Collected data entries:
Lemma prob_notin_capped_setX_tuple (C : finType) (run : t.-tuple T -> C -> t.-tuple T)
    l (k s : R) :
  (0 < #|T|)%N -> (0 < #|C|)%N -> (#|T| <= 2 ^ l)%N ->
  expect (fun x => log2 #|L x|%:R) <= k -> 0 <= s ->
  prob (fun p : t.-tuple T * C =>
          run p.1 p.2 \notin capped_setX_tuple L (t%:R * k + l%:R * Num.sqrt (s * t%:R)) p.1)
    <= expR (- (s / 8))
       + \sum_i prob (fun p : t.-tuple T * C => tnth (run p.1 p.2) i \notin L (tnth p.1 i)).
Proof.
move=> T0 C0 Tl kH s0; set K := _ + _.
pose small (xs : t.-tuple T) := (\prod_i #|L (tnth xs i)|)%N%:R <= 2 `^ K.
apply: le_trans (@le_prob _ _ (fun p => ~~ small p.1
          || [exists i, tnth (run p.1 p.2) i \notin L (tnth p.1 i)]) _) _.
  move=> [xs r] /=; rewrite /capped_setX_tuple /small; case: ifP => //= _.
  by rewrite inE negb_forall.
apply: le_trans (probU _ _) (lerD _ (prob_bigU _)).
rewrite (prob_fst (fun xs => ~~ small xs)) //.
have w_gt0 x : (0 < #|L x|)%N by apply/card_gt0P; exists x.
have w_le x : (#|L x| <= 2 ^ l)%N := leq_trans (max_card _) Tl.
apply: le_trans (prob_log2_prod_gt t T0 w_gt0 w_le s0); apply: le_prob => xs /=.
rewrite /small -ltNge => /powR_lt_log2 lt_log; apply: le_lt_trans (lt_log _).
  by rewrite lerD2r ler_wpM2l.
by rewrite ltr0n prodn_gt0.
Qed.

End CappedSetX.

Lemma sum_prob_coord_notin (T C : finType) t (run : t.-tuple T -> C -> t.-tuple T)
    (L : T -> {set T}) : (0 < #|T|)%N ->
  \sum_i prob (fun p : t.-tuple T * C => tnth (run p.1 p.2) i \notin L (tnth p.1 i))
  = t%:R * prob (fun q : T * ('I_t * (t.-tuple T * C)) =>
                   tnth (run (set_tnth q.2.2.1 q.2.1 q.1) q.2.2.2) q.2.1 \notin L q.1).
Proof.
case: t run => [|t] run T0; first by rewrite big_ord0 mul0r.
pose swap (q : T * ('I_t.+1 * (t.+1.-tuple T * C))) := (q.2.1, (q.1, q.2.2)).
have swap_bij : bijective swap by exists (fun q => (q.2.1, (q.1, q.2.2))) => -[? [? ?]].
rewrite (prob_reindex (fun q : 'I_t.+1 * (T * (t.+1.-tuple T * C)) =>
  tnth (run (set_tnth q.2.2.1 q.1 q.2.1) q.2.2.2) q.1 \notin L q.2.1) swap_bij).
rewrite (prob_pair (fun i (q : T * (t.+1.-tuple T * C)) =>
  tnth (run (set_tnth q.2.1 i q.1) q.2.2) i \notin L q.1)) card_ord mulrC divfK //.
apply: eq_bigr => i _.
rewrite -(prob_set_tnth i (fun zs r => tnth (run zs r) i \notin L (tnth zs i)) T0).
by congr prob; apply: funext => q; rewrite /= tnth_set_tnth eqxx.
Qed.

- **Try it**
Your answer should be one number, the count of lines above that hold "apply".

- **Written solution**
7